+++ Working data

Lemma circ_mul_powers (T : comNzRingType) n (c : 'I_n -> T) (z : T) k :
  z ^+ n = 1 ->
  circ c *m powers_col n (z ^+ k) =
  (\sum_(l < n) c l * z ^+ (k * l)) *: powers_col n (z ^+ k).
Proof.
move=> zn1; apply/colP => i; rewrite !mxE big_distrl /=.
have n_gt0 : (0 < n)%N := leq_ltn_trans (leq0n i) (ltn_ord i).
pose shift (l : 'I_n) : 'I_n := Ordinal (ltn_pmod (l + i) n_gt0).
have shift_inj : injective shift.
  move=> l1 l2 /(congr1 val) /= /eqP.
  by rewrite eqn_modDr !modn_small // => /eqP /val_inj.
rewrite (reindex_inj shift_inj); apply: eq_bigr => l _ /=; rewrite !mxE.
have -> : ordmod i ((l + i) %% n + n - i) = l.
  apply: val_inj => /=; rewrite -addnBA ?(ltnW (ltn_ord i)) // modnDml.
  by rewrite -addnA subnKC ?(ltnW (ltn_ord i)) // modnDr modn_small.
have zkn : (z ^+ k) ^+ n = 1 by rewrite exprAC zn1 expr1n.
by rewrite (expr_mod _ zkn) exprD -exprM mulrA.
Qed.

Lemma Qg_mul_powers (T : comNzRingType) n g (x : T) :
  x ^+ n = 1 -> Qg T n g *m powers_col n x = powers_col n (x ^+ g).
Proof.
move=> xn1; apply/colP => i.
have n_gt0 : (0 < n)%N := leq_ltn_trans (leq0n i) (ltn_ord i).
rewrite !mxE (bigD1 (Ordinal (ltn_pmod (i * g) n_gt0))) //= big1 => [|j ji].
  by rewrite !mxE eqxx mul1r addr0 (expr_mod _ xn1) -exprM mulnC.
rewrite !mxE; case: eqP => [j_ig|]; last by rewrite mul0r.
by case/eqP: ji; apply: val_inj.
Qed.

Lemma mulmx_weighted_perm (T : comNzRingType) n (A W : 'M[T]_n)
    (s : 'I_n -> 'I_n) (a : 'I_n -> T) :
  (forall m, A *m col m W = a m *: col (s m) W) ->
  A *m W = W *m \matrix_(p, m) ((p == s m)%:R * a m).
Proof.
move=> AW; apply/matrixP => i m.
have := congr1 (fun v : 'cV_n => v i 0) (AW m).
rewrite colE mulmxA -colE !mxE => ->.
rewrite (bigD1 (s m)) //= big1 => [|p ps]; last by rewrite !mxE (negbTE ps) mul0r mulr0.
by rewrite !mxE eqxx mul1r addr0 mulrC.
Qed.

Lemma char_poly_similar {F : fieldType} {n} {A B W : 'M[F]_n} :
  W \in unitmx -> A *m W = W *m B -> char_poly A = char_poly B.
Proof.
rewrite unitmxE unitfE => detW AW.
pose Wp := map_mx polyC W.
have : char_poly_mx A *m Wp = Wp *m char_poly_mx B.
  rewrite /char_poly_mx mulmxBl mulmxBr mul_scalar_mx mul_mx_scalar.
  by rewrite -!map_mxM AW.
move/(congr1 determinant); rewrite !det_mulmx /Wp det_map_mx [RHS]mulrC.
by apply: mulIf; rewrite polyC_eq0.
Qed.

++++++

■ What is being asked ■
Repeat the listing exactly, keeping every word in place.

■ Completed exercise ■
Lemma circ_mul_powers (T : comNzRingType) n (c : 'I_n -> T) (z : T) k :
  z ^+ n = 1 ->
  circ c *m powers_col n (z ^+ k) =
  (\sum_(l < n) c l * z ^+ (k * l)) *: powers_col n (z ^+ k).
Proof.
move=> zn1; apply/colP => i; rewrite !mxE big_distrl /=.
have n_gt0 : (0 < n)%N := leq_ltn_trans (leq0n i) (ltn_ord i).
pose shift (l : 'I_n) : 'I_n := Ordinal (ltn_pmod (l + i) n_gt0).
have shift_inj : injective shift.
  move=> l1 l2 /(congr1 val) /= /eqP.
  by rewrite eqn_modDr !modn_small // => /eqP /val_inj.
rewrite (reindex_inj shift_inj); apply: eq_bigr => l _ /=; rewrite !mxE.
have -> : ordmod i ((l + i) %% n + n - i) = l.
  apply: val_inj => /=; rewrite -addnBA ?(ltnW (ltn_ord i)) // modnDml.
  by rewrite -addnA subnKC ?(ltnW (ltn_ord i)) // modnDr modn_small.
have zkn : (z ^+ k) ^+ n = 1 by rewrite exprAC zn1 expr1n.
by rewrite (expr_mod _ zkn) exprD -exprM mulrA.
Qed.

Lemma Qg_mul_powers (T : comNzRingType) n g (x : T) :
  x ^+ n = 1 -> Qg T n g *m powers_col n x = powers_col n (x ^+ g).
Proof.
move=> xn1; apply/colP => i.
have n_gt0 : (0 < n)%N := leq_ltn_trans (leq0n i) (ltn_ord i).
rewrite !mxE (bigD1 (Ordinal (ltn_pmod (i * g) n_gt0))) //= big1 => [|j ji].
  by rewrite !mxE eqxx mul1r addr0 (expr_mod _ xn1) -exprM mulnC.
rewrite !mxE; case: eqP => [j_ig|]; last by rewrite mul0r.
by case/eqP: ji; apply: val_inj.
Qed.

Lemma mulmx_weighted_perm (T : comNzRingType) n (A W : 'M[T]_n)
    (s : 'I_n -> 'I_n) (a : 'I_n -> T) :
  (forall m, A *m col m W = a m *: col (s m) W) ->
  A *m W = W *m \matrix_(p, m) ((p == s m)%:R * a m).
Proof.
move=> AW; apply/matrixP => i m.
have := congr1 (fun v : 'cV_n => v i 0) (AW m).
rewrite colE mulmxA -colE !mxE => ->.
rewrite (bigD1 (s m)) //= big1 => [|p ps]; last by rewrite !mxE (negbTE ps) mul0r mulr0.
by rewrite !mxE eqxx mul1r addr0 mulrC.
Qed.

Lemma char_poly_similar {F : fieldType} {n} {A B W : 'M[F]_n} :
  W \in unitmx -> A *m W = W *m B -> char_poly A = char_poly B.
Proof.
rewrite unitmxE unitfE => detW AW.
pose Wp := map_mx polyC W.
have : char_poly_mx A *m Wp = Wp *m char_poly_mx B.
  rewrite /char_poly_mx mulmxBl mulmxBr mul_scalar_mx mul_mx_scalar.
  by rewrite -!map_mxM AW.
move/(congr1 determinant); rewrite !det_mulmx /Wp det_map_mx [RHS]mulrC.
by apply: mulIf; rewrite polyC_eq0.
Qed.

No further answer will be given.